I am researching a Service Broker performance problem. I'm in the initial stages of investigating this, but I could really use some pointers on where to look for the issue and whether the design has obvious flaws.
Service Broker is being used for messaging between a database and an application (the application has been developed in C# and runs as a Windows service on another server). The database puts messages on the queue and the application removes them.
There are two services (initiator and target) on the same SQL Server. The database (also on the same server) sends a message from the initiator service to the target service. There are 10 conversations open, corresponding to 10 threads on the application. These are long-running conversations which are only ended and replaced if needed. There are never more than 10 conversations being used.
The calling application opens a transaction (using .NET), calls a stored procedure which receives the top 1 message where the conversation ID matches the one being handled by that thread.
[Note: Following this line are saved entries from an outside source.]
(* The parallel reduction $\Rightarrow$ on $PPC_{EM}$ terms has the diamond property: for all terms $t,t_1,t_2$, if $t\Rightarrow t_1$ and $t\Rightarrow t_2$, then there exists a term $t_3$ with $t_1\Rightarrow t_3$ and $t_2\Rightarrow t_3$.
   Context: **Terms of $PPC_{EM}$.** Names $x,y,\dots$; $\theta$ ranges over finite lists of names. Terms: $$t ::= x \mid \hat{x} \mid t\,t \mid t\bullet t \mid [\theta]\,p\to b \mid b\langle\theta\vdash\mu\mid\Delta\rangle.$$ Here $x$ is a variable occurrence and $\hat x$ a matchable occurrence of a name. In a matching $b\langle\theta\vdash\mu\mid\Delta\rangle$, $\mu$ is a decided match, i.e. either $\bot$ or a substitution (a finite map from names to terms), and $\Delta$ is a finite multiset of pairs of terms. The notation $(a,p)\Delta$ is the multiset union of $\Delta$ with $\{(a,p)\}$. As a term, $\bot$ denotes a fixed closed normal term without $\bullet$ or matchings. **Binding and free names.** In $[\theta]p\to b$, $\theta$ binds matchables $\hat x$ ($x\in\theta$) in $p$ and variables $x\in\theta$ in $b$. In $b\langle\theta\vdash\mu\mid\Delta\rangle$, $\theta$ binds variables of $b$ and matchables in the second components of the pairs of $\Delta$. $\mathrm{fn}(a)$ is the set of free names of $a$. Terms are taken modulo $\alpha$-conversion, with all bound names distinct and disjoint from free names. **Substitution.** $t^\sigma$ is capture-avoiding replacement of free variables $x\in\mathrm{dom}(\sigma)$ by $\sigma(x)$, propagating into $\mathrm{codom}\,\mu$ and into $\Delta$. **Disjoint union $\uplus$ of decided matches.** It is commutative; $\bot\uplus\mu=\bot$; $\sigma_1\uplus\sigma_2=\bot$ if the domains overlap, and otherwise it is their union. **Failure pairs.** Call $(a,p)$ a *failure pair* (relative to $\theta$) if it is one of: - $(\hat y,\hat x)$ with $x\notin\theta$ and $x\ne y$; - $(a_1\bullet a_2,\hat x)$ with $x\notin\theta$; - $([\theta_a]p_a\to b_a,\hat x)$ with $x\notin\theta$; - $(\hat x,p_1\bullet p_2)$; - $([\theta_a]p_a\to b_a,p_1\bullet p_2)$; - $(a,[\theta_p]p_p\to b_p)$. **Parallel reduction $\Rightarrow$.** It is defined inductively on terms. It is extended to decided matches by $\bot\Rightarrow\bot$ and $\sigma\Rightarrow\sigma'$ iff $\mathrm{dom}\,\sigma=\mathrm{dom}\,\sigma'$ and $\sigma(x)\Rightarrow\sigma'(x)$ for all $x$. It is extended to multisets of pairs elementwise, componentwise. The rules are: - (Id) $t\Rightarrow t$. - (Cgr) If $t_1\Rightarrow t_1'$ and $t_2\Rightarrow t_2'$, then $t_1t_2\Rightarrow t_1't_2'$ and $t_1\bullet t_2\Rightarrow t_1'\bullet t_2'$. - (Cgr) If $p\Rightarrow p'$ and $b\Rightarrow b'$, then $[\theta]p\to b\Rightarrow[\theta]p'\to b'$. - (Cgr) If $b\Rightarrow b'$, $\mu\Rightarrow\mu'$ and $\Delta\Rightarrow\Delta'$, then $b\langle\theta\vdash\mu\mid\Delta\rangle\Rightarrow b'\langle\theta\vdash\mu'\mid\Delta'\rangle$. - (Init) If $p\Rightarrow p'$, $b\Rightarrow b'$ and $a\Rightarrow a'$, then $([\theta]p\to b)a\Rightarrow b'\langle\theta\vdash\emptyset\mid(a',p')\rangle$. - (Struct) If $t\Rightarrow t'$, then $\hat x\,t\Rightarrow\hat x\bullet t'$. - (Struct) If $t_i\Rightarrow t_i'$ for $i=1,2,3$, then $(t_1\bullet t_2)t_3\Rightarrow(t_1'\bullet t_2')\bullet t_3'$. - (Match) If $b\Rightarrow b'$, $\mu\Rightarrow\mu'$, $a\Rightarrow a'$ and $\Delta\Rightarrow\Delta'$, with $x\in\theta$ and $\mathrm{fn}(a)\cap\theta=\emptyset$, then $b\langle\theta\vdash\mu\mid(a,\hat x)\Delta\rangle\Rightarrow b'\langle\theta\vdash\mu'\uplus\{x\mapsto a'\}\mid\Delta'\rangle$. - (Match) If $b\Rightarrow b'$, $\mu\Rightarrow\mu'$ and $\Delta\Rightarrow\Delta'$, with $x\notin\theta$, then $b\langle\theta\vdash\mu\mid(\hat x,\hat x)\Delta\rangle\Rightarrow b'\langle\theta\vdash\mu'\mid\Delta'\rangle$. - (Match) If $b\Rightarrow b'$, $\mu\Rightarrow\mu'$, $\Delta\Rightarrow\Delta'$, $a_i\Rightarrow a_i'$ and $p_i\Rightarrow p_i'$, then $b\langle\theta\vdash\mu\mid(a_1\bullet a_2,p_1\bullet p_2)\Delta\rangle\Rightarrow b'\langle\theta\vdash\mu'\mid(a_1',p_1')(a_2',p_2')\Delta'\rangle$. - (Match) If $b\Rightarrow b'$ and $\Delta\Rightarrow\Delta'$, with $(a,p)$ a failure pair, then $b\langle\theta\vdash\mu\mid(a,p)\Delta\rangle\Rightarrow b'\langle\theta\vdash\bot\mid\Delta'\rangle$. - (Res) If $b\Rightarrow b'$ and $\sigma\Rightarrow\sigma'$, with $\mathrm{dom}\,\sigma=\theta$, then $b\langle\theta\vdash\sigma\mid\emptyset\rangle\Rightarrow(b')^{\sigma'}$. - (Res) If $\mathrm{dom}\,\sigma\ne\theta$, then $b\langle\theta\vdash\sigma\mid\emptyset\rangle\Rightarrow\bot$. - (Res) $b\langle\theta\vdash\bot\mid\Delta\rangle\Rightarrow\bot$. *)

From Stdlib Require Import List Arith PeanoNat.
Import ListNotations.
Section Completeness.
Variable N : nat.
Hypothesis forests_complete_lt : forall F a m,
  size (forest_degs F) < N -> of_type (a :: m) F -> F \in forests N a m.

Lemma node_in_trees_of cs K (s := degvec K (Node cs)) :
  size (forest_degs cs) < N -> (forall d, K < d -> count_mem d (degs (Node cs)) = 0) ->
  count_mem 0 (degs (Node cs)) = 1 + excess s /\ Node cs \in trees_of (forests N) s.
Proof.
move=> Hsz Hbig; have Hs i := nth_degvec i Hbig; rewrite -/s in Hs.
case Ecs: cs => [|c0 cs'].
  have Hs0 : sumn s = 0 by apply: nth_eq0_sumn => i; rewrite Hs Ecs.
  by rewrite (sumn_eq0_excess Hs0) /trees_of Hs0 eqxx mem_cat mem_seq1 eqxx.
rewrite -Ecs; set j := (size cs).-1; have Hj : size cs = j.+1 by rewrite /j Ecs.
have Hdeg : degs (Node cs) = j.+1 :: forest_degs cs by rewrite /= Hj.
have Hsj : 0 < nth 0 s j by rewrite Hs Hdeg /= eqxx.
set c := count_mem 0 (forest_degs cs) :: decr_nth s j.
have Hc : of_type c cs.
  move=> [|i] //=; rewrite nth_decr_nth Hs Hdeg /=.
  by rewrite eqSS eq_sym; case: eqP => [->|_]; rewrite ?add1n ?subn1 ?subn0.
have Hcs := forests_complete_lt Hsz Hc.
have [_ Hc_size _] := forests_spec Hcs.
have Hroot0 : count_mem 0 (degs (Node cs)) = 1 + excess s.
  rewrite Hdeg /=; have := excess_decr_nth Hsj.
  by rewrite -Hc_size Hj; lia.
split => //.
rewrite /trees_of mem_cat; apply/orP; right; apply/flatten_mapP; exists j.
  rewrite mem_filter Hsj mem_iota /= add0n size_mkseq ltnNge; apply/negP => HKj.
  by move: Hsj; rewrite Hs Hbig.
apply/mapP; exists cs => //.
by move: Hroot0 Hcs; rewrite Hdeg /= => <-.
Qed.
End Completeness.

Lemma forests_complete N F a m :
  size (forest_degs F) < N -> of_type (a :: m) F -> F \in forests N a m.
Proof.
elim: N F a m => [//|N IH] [|[cs] f] a m Hsz HF.
  have Ha : a = 0 by move: (HF 0) => /= <-.
  have Hm : sumn m = 0 by apply: nth_eq0_sumn => i; move: (HF i.+1) => /= <-.
  by rewrite /= Ha Hm.
have Hcount i : count_mem i (forest_degs (Node cs :: f))
    = count_mem i (degs (Node cs)) + count_mem i (forest_degs f).
  by rewrite -count_cat.
have Hbig d : size m < d -> count_mem d (degs (Node cs)) = 0.
  by move=> Hd; have := HF d; rewrite Hcount nth_default /=; lia.
have Hsz_cs : size (forest_degs cs) < N.
  by move: Hsz; rewrite /forest_degs /= size_cat; lia.
have [Hroot0 Ht] := node_in_trees_of IH Hsz_cs Hbig.
set s := degvec (size m) (Node cs) in Hroot0 Ht.
have Hs i : nth 0 s i = count_mem i.+1 (degs (Node cs)) by exact: nth_degvec.
have Hsub : s \in subvecs m.
  apply: subvecsP => [|i]; first by rewrite size_mkseq.
  by have := HF i.+1; rewrite Hcount Hs /=; lia.
have Ha : 1 + excess s <= a by have := HF 0; rewrite Hcount Hroot0 /=; lia.
have Hf : f \in forests N (a - (1 + excess s)) (subn_seq m s).
  apply: IH; first by move: Hsz; rewrite /forest_degs /= size_cat; lia.
  move=> [|i] /=; first by have := HF 0; rewrite Hcount Hroot0 /=; lia.
  by rewrite nth_subn_seq ?size_mkseq //; have := HF i.+1; rewrite Hcount Hs /=; lia.
rewrite /= ifF; last by apply/negbTE; lia.
apply/flatten_mapP; exists s; first by rewrite mem_filter Ha Hsub.
by apply/allpairsP; exists (Node cs, f).
Qed.
(* Let $m\ge2$, let $k_1,\dots,k_{m-1}\ge0$ be integers and let $j$ be an integer with $1\le j\le m/2$. Then $\big|e^{(m),j+1}_{k_1,\dots,k_{m-1}}\big|\le\big|e^{(m),j}_{k_1,\dots,k_{m-1}}\big|$. Moreover, if $k_{m-j}\ge1$, then $\big|e^{(m),j+1}_{k_1,\dots,k_{m-1}}\big|\le\frac{j}{m-j}\big|e^{(m),j}_{k_1,\dots,k_{m-1}}\big|$.
   Context: For $1\le j\le m$ and integers $k_1,\dots,k_{m-1}\ge0$, $e^{(m),j}_{k_1,\dots,k_{m-1}}=\prod_{1\le i\le m,\,i\ne j}(i-j)^{k_{(i-j)\bmod m}}$, where $(i-j)\bmod m$ denotes the representative in $\{1,\dots,m-1\}$. *)

From HB Require Import structures.
From mathcomp Require Import all_boot all_order all_algebra.
Set Implicit Arguments. Unset Strict Implicit. Unset Printing Implicit Defensive.
Import Order.TTheory GRing.Theory Num.Theory.
Local Open Scope ring_scope.

Definition resid (m i j : nat) : nat := absz ((i%:Z - j%:Z) %% m%:Z)%Z.

(* e^{(m),j}_{k_1,...,k_{m-1}} = prod_{1<=i<=m, i<>j} (i-j)^{k_{(i-j) mod m}},
   with the exponent sequence given as k : nat -> nat (only k 1 .. k (m-1) are used). *)
Definition e (m j : nat) (k : nat -> nat) : int :=
  \prod_(1 <= i < m.+1 | i != j) (i%:Z - j%:Z) ^+ k (resid m i j).

From HB Require Import structures.
From mathcomp Require Import all_boot all_order all_algebra.
From mathcomp Require Import zify.
Import Order.TTheory GRing.Theory Num.Theory.
Local Open Scope ring_scope.

(* Write e^{j} for e^{(m),j}_{k}.  The factors of e^{j+1},
   indexed by i = 2, ..., m (i <> j+1), are exactly the factors of e^{j}
   indexed by i - 1 = 1, ..., m-1 (i-1 <> j): the base (i-(j+1)) = ((i-1)-j)
   and the residue of the exponent index agree.  The only unmatched factors are
     in e^{j}   :  i = m,  giving (m-j)^{k_{m-j}},
     in e^{j+1} :  i = 1,  giving (-j)^{k_{m-j}}    (since 1-(j+1) = -j = m-j mod m).
   Hence e^{j} = (m-j)^n * P and e^{j+1} = (-j)^n * P with n = k_{m-j} and a
   common product P (lemma [e_split]).  As j <= m-j, |(-j)^n| <= (m-j)^n, and
   when n >= 1 one factor j/(m-j) can be split off (lemma [exprn_ratio_le]). *)

Lemma resid_shift (m i j : nat) : resid m i.+1 j.+1 = resid m i j.
Proof. by rewrite /resid; have -> : i.+1%:Z - j.+1%:Z = i%:Z - j%:Z by lia. Qed.

Lemma resid_last (m j : nat) :
  (0 < j)%N -> (j < m)%N -> resid m m j = (m - j)%N.
Proof.
move=> j0 jm; rewrite /resid modz_small; first by lia.
by apply/andP; split; lia.
Qed.

(* The first index i = 1 of e^{j+1} also carries the exponent k_{m-j},
   because 1 - (j+1) = -j is congruent to m - j modulo m. *)
Lemma resid_first (m j : nat) :
  (0 < j)%N -> (j < m)%N -> resid m 1 j.+1 = (m - j)%N.
Proof.
move=> j0 jm; rewrite /resid.
have -> : 1%:Z - j.+1%:Z = (-1) * m%:Z + (m%:Z - j%:Z) by lia.
rewrite modzMDl modz_small; first by lia.
by apply/andP; split; lia.
Qed.

Definition e_common (m j : nat) (k : nat -> nat) : int :=
  \prod_(1 <= i < m | i != j) (i%:Z - j%:Z) ^+ k (resid m i j).

Lemma e_split (m j : nat) (k : nat -> nat) : (0 < j)%N -> (j < m)%N ->
  e m j k = (m - j)%N%:Z ^+ k (m - j)%N * e_common m j k /\
  e m j.+1 k = (- j%:Z) ^+ k (m - j)%N * e_common m j k.
Proof.
move=> j0 jm; rewrite /e /e_common; split.
  rewrite big_mkcond big_nat_recr /=; last by lia.
  have -> : (m != j) = true by apply/eqP; lia.
  rewrite resid_last // mulrC -big_mkcond.
  by have -> : m%:Z - j%:Z = (m - j)%N%:Z by lia.
rewrite big_mkcond big_ltn; last by lia.
have -> : (1 != j.+1) = true by apply/eqP; lia.
rewrite resid_first // big_add1 /= [in RHS]big_mkcond.
have -> : 1%:Z - j.+1%:Z = - j%:Z by lia.
congr (_ * _); apply: eq_bigr => i _.
by rewrite eqSS resid_shift; have -> : i.+1%:Z - j.+1%:Z = i%:Z - j%:Z by lia.
Qed.

Lemma exprn_ratio_le (R : realFieldType) (a b : R) (n : nat) :
  0 <= a -> a <= b -> 0 < b -> (1 <= n)%N -> a ^+ n <= a / b * b ^+ n.
Proof.
move=> a0 ab b0; case: n => [//|n] _.
rewrite !exprS mulrA divfK ?gt_eqF //.
by apply: ler_wpM2l => //; apply: lerXn2r; rewrite ?qualifE //= (le_trans a0).
Qed.

Theorem mainTheorem14 (m : nat) (k : nat -> nat) (j : nat) :
  (2 <= m)%N -> (1 <= j)%N -> (2 * j <= m)%N ->
  `|e m j.+1 k| <= `|e m j k| /\
  ((1 <= k (m - j))%N ->
    `|(e m j.+1 k)%:~R : rat| <= (j%:R / (m - j)%:R) * `|(e m j k)%:~R : rat|).
Proof.
move=> _ j1 jm.
have j_lt_m : (j < m)%N by lia.
have [-> ->] := @e_split m j k j1 j_lt_m.
have j_le_mj : (j <= m - j)%N by lia.
split.
  rewrite !normrM !normrX normrN.
  apply: ler_wpM2r; first exact: normr_ge0.
  by apply: lerXn2r; rewrite ?qualifE //= lez_nat.
move=> n1.
rewrite !rmorphM !rmorphXn /= rmorphN !normrM !normrX normrN !normr_nat mulrA.
apply: ler_wpM2r; first exact: normr_ge0.
apply: exprn_ratio_le => //; first by rewrite ler_nat.
by rewrite ltr0n; lia.
Qed.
The application commits that transaction after it's certain that there are no errors.
We expect to process about 2 messages per second per thread (20 messages per second). This rate will be constant for hours, with slow times only coming at night.
In testing on a performance-test server that has been well-provisioned with hardware, the message rate is acceptable for less than a minute. After that, the performance rapidly slows. Once the performance is fully "slowed", it takes one hour to receive 1600 message from the 10 conversations, with no more being added. "Unacceptable" does not even begin to describe this performance.
Interestingly enough, the process generally performs well when running on local (developer machine) installations of SQL Server with the application also running locally. The local tests are limited in time and scope, but they out-perform the servers easily. It performs poorly on every "production-level" server to which it's been deployed. Code profiling indicates that almost all of the time is spent calling the stored procedure with the RECEIVE statement.
I'm not experienced in performance tuning SQL Server, but I suspect I'm about to learn that. However, the dismal performance of this process on well-provisioned servers makes me believe that the design is flawed. I do know it's nearly impossible to "tune" a poor design.
Does anyone see a smoking gun in this description? Any tips on how to proceed?